Я не рассказываю юноше о том, как после казни, выйдя на свободу, вернулся в полном смятении в Бат. Не рассказываю ему и о том, что к тому времени потерял уверенность, действительно ли существовали когда-нибудь на белом свете и Роберт, и леди Боклер — или же оба этих призрака послал мне некий злой гений, дабы ввергнуть меня в область сомнения, из которой вовек не выбраться к истине и убежденности. Не сообщаю о том, как заново перечитал в заплесневелой каморке регистрационную книгу крещений, а затем, по той же дурости, посетил кладбище Святого Суизина, где похоронена леди У***. Там, на мраморной табличке, воздвигнутой над небольшой, поросшей крапивой каменной плите, запечатлена иная версия ее истории. Умалчиваю и о том, что по свидетельству этих могильных надгробий — камней сомнения — ее светлость погребена рядом со своей дочерью Петронеллой, и эта дочь отнюдь не была повешена, а (согласно утверждению одной из стародавних листовок) еще в младенчестве сражена лихорадкой.

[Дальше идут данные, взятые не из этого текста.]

Lemma interference_le G c : (0 < np)%nat -> (c < N * mc)%nat ->
  Rabs (sumR (N * mc) (fun c' => if Nat.eqb c' c then 0 else gram (N * mp) D c c' * G c')) <=
    mu (N * mp) (N * mc) D * gmax (N * mc) G *
      (INR (norm0s N mc np G) - (if nz G c then 1 else 0)).
Proof.
intros Hnp Hc. set (k := (c / mc)%nat).
set (b := mu (N * mp) (N * mc) D * gmax (N * mc) G).
assert (Hb : 0 <= b) by (apply Rmult_le_pos; apply maxR_ge0).
set (g := fun c' => if andb (in_stripe N mc np k c') (nz G c') then b else 0).
assert (Hsum : Rabs (sumR (N * mc)
                 (fun c' => if Nat.eqb c' c then 0 else gram (N * mp) D c c' * G c'))
               <= sumR (N * mc) (fun c' => if Nat.eqb c' c then 0 else g c')).
{ eapply Rle_trans; [apply Rabs_sumR_le|]. apply sumR_le. intros c' Hc'.
  destruct (Nat.eqb_spec c' c); [rewrite Rabs_R0; lra|].
  unfold g. destruct (Req_dec (gram (N * mp) D c c') 0) as [Z|Z].
  { rewrite Z, Rmult_0_l, Rabs_R0. destruct (andb _ _); lra. }
  pose proof (overlapping_atoms_in_stripe c c' Hc Hc' Z) as Hs. fold k in Hs. rewrite Hs.
  destruct (nz G c') eqn:Ez; simpl.
  - rewrite Rabs_mult. apply Rmult_le_compat; try apply Rabs_pos.
    + apply Rabs_gram_le_mu; auto.
    + apply Rabs_le_gmax, Hc'.
  - rewrite (proj1 (nz_false G c') Ez), Rmult_0_r, Rabs_R0. lra. }
assert (Hown : in_stripe N mc np k c = true).
{ unfold in_stripe. replace (k + N - c / mc)%nat with N by (unfold k; lia).
  rewrite Nat.Div0.mod_same. apply Bool.orb_true_iff. right. apply Nat.ltb_lt, Hnp. }
assert (Hcnt : INR (cnt (N * mc) (in_stripe N mc np k) G) <= INR (norm0s N mc np G)).
{ apply le_INR, (le_maxN N (fun j => cnt (N * mc) (in_stripe N mc np j) G)),
    div_lt_of_lt_mul, Hc. }
pose proof (sumR_D1 _ g c Hc) as Hsplit.
rewrite (sumR_cnt _ _ _ b : sumR (N * mc) g = _) in Hsplit.
unfold g at 1 in Hsplit. rewrite Hown in Hsplit.
destruct (nz G c); simpl andb in Hsplit; nra.
Qed.
Lemma sym_rank_factor (F : fieldType) (n r : nat) (A : 'M[F]_n) :
  A^T = A -> (\rank A <= r)%N ->
  exists (C : 'M[F]_(n, r)) (M : 'M[F]_r), M^T = M /\ A = C *m M *m C^T.
Proof.
move=> AT /rank_projector [X [Z XZA]].
exists X, (Z *m A *m Z^T); split; first by rewrite !trmx_mul trmxK AT mulmxA.
have AZX : A = A *m Z^T *m X^T by rewrite -{1}AT -{1}XZA !trmx_mul AT mulmxA.
by rewrite -{1}XZA {1}AZX !mulmxA.
Qed.

Lemma mr_le_gram (F : finFieldType) (r n : nat) (g : rel 'I_n) : symmetric g ->
  (mr F g <= r)%N <-> exists2 M : 'M[F]_r, M^T = M & gram_graph M g.
Proof.
move=> g_sym; split=> [le_mr_r | [M MT [P gP]]].
- have [A /andP[/eqP AT /forallP fitA] rA] := mr_witness F g_sym.
  have [C [M [MT defA]]] := sym_rank_factor AT (leq_trans rA le_mr_r).
  exists M => //; exists (fun x => row x C) => x y neq_xy.
  have /forallP/(_ y) := fitA x; rewrite neq_xy /= => /eqP <-.
  by rewrite defA gram_entry.
- pose C : 'M[F]_(n, r) := \matrix_x P x.
  have fitA : fits g (C *m M *m C^T).
    apply/andP; split; first by rewrite !trmx_mul trmxK MT mulmxA.
    apply/forallP => x; apply/forallP => y; apply/implyP => /gP ->.
    by rewrite gram_entry !rowK.
  apply: leq_trans (mr_le fitA) _.
  exact: leq_trans (mxrankM_maxl _ _) (leq_trans (mxrankM_maxl _ _) (rank_leq_col _)).
Qed.

End GramGraphs.

Section BitModel.

(* F_2^4 as quadruples of bits, and bilinear forms given by bit matrices
   m : nat -> nat -> bool (only the entries below 4 matter). *)
Definition bvec := (bool * bool * bool * bool)%type.

Definition coord (p : bvec) (i : nat) : bool :=
  let: (a, b, c, d) := p in match i with 0 => a | 1 => b | 2 => c | _ => d end.

Definition bvzero : bvec := (false, false, false, false).

Definition bvadd (p q : bvec) : bvec :=
  let: (a, b, c, d) := p in let: (a', b', c', d') := q in
  (a (+) a', b (+) b', c (+) c', d (+) d').

Definition all_bvec : seq bvec :=
  let pairs := [seq (x, y) | x <- [:: false; true], y <- [:: false; true]] in
  [seq (ab.1, ab.2, cd.1, cd.2) | ab <- pairs, cd <- pairs].

Lemma mem_all_bvec (p : bvec) : p \in all_bvec.
Proof. by case: p => [[[[] []] []] []]. Qed.

Definition sum4 (f : nat -> nat) : nat := f 0 + f 1 + f 2 + f 3.

Definition bform (m : nat -> nat -> bool) (p q : bvec) : bool :=
  odd (sum4 (fun j => sum4 (fun i => coord p i * m i j * coord q j))).

Lemma bform_ext (m m' : nat -> nat -> bool) (p q : bvec) :
  (forall i j, i < 4 -> j < 4 -> m i j = m' i j) -> bform m p q = bform m' p q.
Proof. by move=> mm'; rewrite /bform /sum4 !mm'. Qed.

Definition sym4 (b00 b01 b02 b03 b11 b12 b13 b22 b23 b33 : bool) (i j : nat) : bool :=
  match i, j with
  | 0, 0 => b00 | 0, 1 | 1, 0 => b01 | 0, 2 | 2, 0 => b02 | 0, 3 | 3, 0 => b03
  | 1, 1 => b11 | 1, 2 | 2, 1 => b12 | 1, 3 | 3, 1 => b13
  | 2, 2 => b22 | 2, 3 | 3, 2 => b23 | _, _ => b33
  end.

(* The bit patterns of B1 (b = true) and B2 (b = false). *)
Definition bB (b : bool) : nat -> nat -> bool :=
  if b then sym4 true false false false true false false true false true
  else sym4 false true false false false false false false true false.

Definition lin (l : seq bvec) (p : bvec) : bvec :=
  foldr bvadd bvzero [seq if coord p i then nth bvzero l i else bvzero | i <- iota 0 4].
Lemma picard_lim_spec t : is_lim_seq (fun n => picard n t) (picard_lim t).
Proof.
  assert (Hc : ex_finite_lim_seq (fun n => picard n t)).
  { apply ex_lim_seq_cauchy_corr. intros eps.
    destruct (geom_small (2 * picard_const) eps (cond_pos eps)) as [N HN].
    exists N. intros n m Hn Hm.
    destruct (Compare_dec.le_lt_dec n m) as [Hnm|Hnm].
    - rewrite Rabs_minus_sym. apply Rle_lt_trans with (1 := picard_cauchy m n t Hnm). apply HN; lia.
    - apply Rle_lt_trans with (1 := picard_cauchy n m t ltac:(lia)). apply HN; lia. }
  destruct Hc as [l Hl]. unfold picard_lim. rewrite (is_lim_seq_unique _ _ Hl). exact Hl.
Qed.

Lemma picard_lim_bound n t : Rabs (picard n t - picard_lim t) <= 2 * picard_const / 2 ^ n.
Proof.
  apply Rnot_lt_le. intro Hc.
  set (d := Rabs (picard n t - picard_lim t) - 2 * picard_const / 2 ^ n).
  destruct (proj2 (is_lim_seq_spec _ _) (picard_lim_spec t) (mkposreal d ltac:(unfold d; lra))) as [N HN].
  specialize (HN (max N n) ltac:(lia)). simpl in HN.
  assert (H := picard_cauchy (max N n) n t ltac:(lia)).
  assert (Rabs (picard n t - picard_lim t)
    <= Rabs (picard (max N n) t - picard n t) + Rabs (picard (max N n) t - picard_lim t)).
  { replace (picard n t - picard_lim t)
      with (- (picard (max N n) t - picard n t) + (picard (max N n) t - picard_lim t)) by ring.
    apply Rle_trans with (1 := Rabs_triang _ _). rewrite Rabs_Ropp. lra. }
  unfold d in HN. lra.
Qed.

Lemma picard_lim_fixpoint t : picard_lim t = s + RInt (fun u => G u (picard_lim u)) x0 (clip t) /\
  ex_RInt (fun u => G u (picard_lim u)) x0 (clip t).
Proof.
  set (g := fun u => G u (picard_lim u)).
  destruct (@filterlim_RInt nat R_CompleteNormedModule (fun n u => G u (picard n u)) x0 (clip t)
     eventually eventually_filter g (fun n => RInt (fun u => G u (picard n u)) x0 (clip t))) as [I [HI Hg]].
  - intros n. apply (@RInt_correct R_CompleteNormedModule), picard_ex.
  - intros P [eps HP].
    destruct (geom_small (L * (2 * picard_const)) eps (cond_pos eps)) as [N HN].
    exists N. intros n Hn. apply HP. intros u. apply ball_R. unfold g.
    apply Rle_lt_trans with (L * Rabs (picard n u - picard_lim u)).
    + apply Hlip.
    + apply Rle_lt_trans with (L * (2 * picard_const / 2 ^ n)).
      * apply Rmult_le_compat_l; [lra| apply picard_lim_bound].
      * replace (L * (2 * picard_const / 2 ^ n)) with (L * (2 * picard_const) / 2 ^ n)
          by (field; apply pow_nonzero; lra).
        apply HN; exact Hn.
  - assert (HY : picard_lim t = s + I).
    { assert (H1 := proj1 (is_lim_seq_incr_1 _ _) (picard_lim_spec t)).
      assert (H2 : is_lim_seq (fun n => picard (S n) t) (s + I))
        by (apply is_lim_seq_plus'; [apply is_lim_seq_const| exact HI]).
      apply is_lim_seq_unique in H1, H2. rewrite H1 in H2. injection H2; auto. }
    split; [rewrite HY; f_equal; symmetry; apply is_RInt_unique; exact Hg| exists I; exact Hg].
Qed.

Lemma picard_lim_lip t1 t2 : Rabs (picard_lim t1 - picard_lim t2) <= B * Rabs (t1 - t2).
Proof.
  destruct (picard_lim_fixpoint t1) as [E1 X1]. destruct (picard_lim_fixpoint t2) as [E2 X2].
  rewrite E1, E2, Rminus_plus_l_l.
  assert (Hch : ex_RInt (fun u => G u (picard_lim u)) (clip t2) (clip t1))
    by (apply ex_RInt_Chasles with x0; [apply ex_RInt_swap|]; assumption).
  assert (Ec := @RInt_Chasles R_CompleteNormedModule (fun u => G u (picard_lim u)) x0 (clip t2) (clip t1) X2 Hch).
  change (plus ?a ?b) with (a + b) in Ec.
  assert (E : RInt (fun u => G u (picard_lim u)) x0 (clip t1) - RInt (fun u => G u (picard_lim u)) x0 (clip t2)
    = RInt (fun u => G u (picard_lim u)) (clip t2) (clip t1)) by (rewrite <- Ec; ring).
  rewrite E.
  apply Rle_trans with (B * Rabs (clip t1 - clip t2)).
  - apply RInt_bound_const; [exact Hch| intros; apply Hbd].
  - apply Rmult_le_compat_l; [lra| apply clip_lip].
Qed.

Lemma picard_lim_cont t : continuous picard_lim t.
Proof.
  apply (lip_continuous picard_lim (B + 1)); [lra|]. intros x y.
  apply Rle_trans with (1 := picard_lim_lip x y). assert (0 <= Rabs (x - y)) by apply Rabs_pos. nra.
Qed.
Lemma ineq_holds_setC1 (k0 : 'I_K) (m : 'I_M) :
  ineq_holds P' p (tuple_at k0 [set~ m]) <->
  p (k0, m) <= \sum_(y : {ffun 'I_K -> 'I_M} | y k0 == m) P' y.
Proof.
have notin m' : (m' \notin [set~ m]) = (m' == m) by rewrite in_setC1 negbK.
rewrite ineq_holds_tuple_at (eq_bigl _ _ notin) big_pred1_eq.
by rewrite (eq_bigl _ _ (fun y : {ffun 'I_K -> 'I_M} => notin (y k0))).
Qed.

Lemma ineq_holds_tuple_at_of_setC1 (k0 : 'I_K) (A : {set 'I_M}) :
  (forall m, ineq_holds P' p (tuple_at k0 [set~ m])) -> ineq_holds P' p (tuple_at k0 A).
Proof.
move=> hC1; apply/ineq_holds_tuple_at.
rewrite (partition_big (fun y : {ffun 'I_K -> 'I_M} => y k0) (fun m => m \notin A)) //=.
apply: ler_sum => m mA; rewrite (eq_bigl (fun y : {ffun 'I_K -> 'I_M} => y k0 == m)).
  exact/ineq_holds_setC1.
by move=> y; case: (eqVneq (y k0) m) => [->|]; rewrite ?mA ?andbF.
Qed.

Lemma ineq_holds_of_tupleS (V : {ffun 'I_K -> {set 'I_M}}) : (1 < M)%N ->
  (forall V', tupleS V' -> ineq_holds P' p V') -> tupleI V -> ineq_holds P' p V.
Proof.
move=> M1 hS VI; have [VS | /(tupleI_notS_single VI)[k0 [_ ->]]] := boolP (tupleS V).
  exact: hS.
by apply: ineq_holds_tuple_at_of_setC1 => m; apply/hS/tupleS_setC1.
Qed.

End Equivalence.

(* The witness for [tuple_at k0 [set~ m]]: [Y(x_k0) = m1] surely and the other
   counterfactuals are independent and uniform, while [X = k0] and [Y] is [m] with
   probability [1/M] and [m1] otherwise. *)
Section SetC1Witness.
Variables (R : realFieldType) (M K : nat) (k0 : 'I_K) (m m1 : 'I_M).
Hypotheses (M1 : (1 < M)%N) (m1m : m1 != m).

Let eps : R := M%:R^-1.
Let coord k : {set 'I_M} := if k == k0 then [set m1] else setT.
Let P' : {ffun {ffun 'I_K -> 'I_M} -> R} := prod_distr (fun k => unif (coord k)).
Let p : {ffun 'I_K * 'I_M -> R} :=
  joint (unif [set k0]) (fun=> mix eps (unif [set m]) (unif [set m1])).

Let eps_gt0 : 0 < eps. Proof. by rewrite invr_gt0 ltr0n; lia. Qed.
Let eps_le1 : eps <= 1. Proof. by rewrite invf_le1 ?ler1n ?ltr0n; lia. Qed.

Let lhs_eq (W : {ffun 'I_K -> {set 'I_M}}) :
  \sum_(y : {ffun 'I_K -> 'I_M} | [forall k, y k \in W k]) P' y
  = \prod_k \sum_(t in W k) unif (coord k) t.
Proof. exact: sum_prod_distr_box. Qed.

Let rhs_eq (W : {ffun 'I_K -> {set 'I_M}}) :
  \sum_k \sum_(t in W k) p (k, t) = eps * (m \in W k0)%:R + (1 - eps) * (m1 \in W k0)%:R.
Proof. by rewrite sum_joint_box sum_unif_set1_mul sum_mix !sum_unif_set1. Qed.

Let witness_distr : is_distr P' /\ is_distr p.
Proof.
split; first by apply: is_distr_prod_distr => k; apply: is_distr_unif; rewrite /coord;
  case: ifP => _; apply/set0Pn; [exists m1 | exists m]; rewrite inE.
apply: is_distr_joint => [|_]; first by apply: is_distr_unif; apply/set0Pn; exists k0; rewrite inE.
by apply: is_distr_mix; rewrite ?eps_le1 ?(ltW eps_gt0) //; apply: is_distr_unif;
  apply/set0Pn; [exists m | exists m1]; rewrite inE.
Qed.

Let witness_violates : ~ ineq_holds P' p (tuple_at k0 [set~ m]).
Proof.
rewrite /ineq_holds lhs_eq rhs_eq !ffunE !eqxx !in_setC1 eqxx m1m /= mulr0 add0r mulr1.
rewrite big1 => [|k _]; first by have := eps_gt0; lra.
rewrite /coord; case: eqVneq => [-> | kk0].
  by rewrite tuple_at_id sum_unif_set1 in_setC1 m1m.
apply/eqP; rewrite tuple_at_full // unif_mass_eq1 ?subxx //.
by apply/set0Pn; exists m; rewrite inE.
Qed.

Палач поглубже надвинул на лицо капюшон из черного бархата. Одна маска поверх другой, слой за слоем, подобно луковице. Как отделить действительность, истину — назовем ее как заблагорассудится — от ее видимости, внешней личины? Достоверность отделить от иллюзии? Они сшиты вместе без шва, взаимно переплетены в единой ткани.
Лошадь хлестнули по холке, она рванулась в сторону деревьев, увлекая за собой небольшую подпрыгивающую повозку, на боках которой плясали солнечные блики, а позади, на раскачивавшейся веревке, корчилось в конвульсиях подвешенное тело. И поскольку некому было повиснуть у него на ногах, крепко ухватившись за обтянутые чулками голени над башмаками с золотыми пряжками или пониже коротких штанов из мягкого бархата, «Роберт Ханна», как возвестили наутро листовки, умирал очень долго. Оповещалось, что последние слова (как и многое другое, оставшееся непонятным) разобрать не удалось.
Я открываю глаза, но юноши возле меня уже нет: его тень под масляными лампами прыжками опережает его самого, а затем описывает вокруг него орбиту, когда он ныряет во тьму Сент-Мартин-лейн. Я сожалею только о том, что лишился плеча, на которое мог бы опереться.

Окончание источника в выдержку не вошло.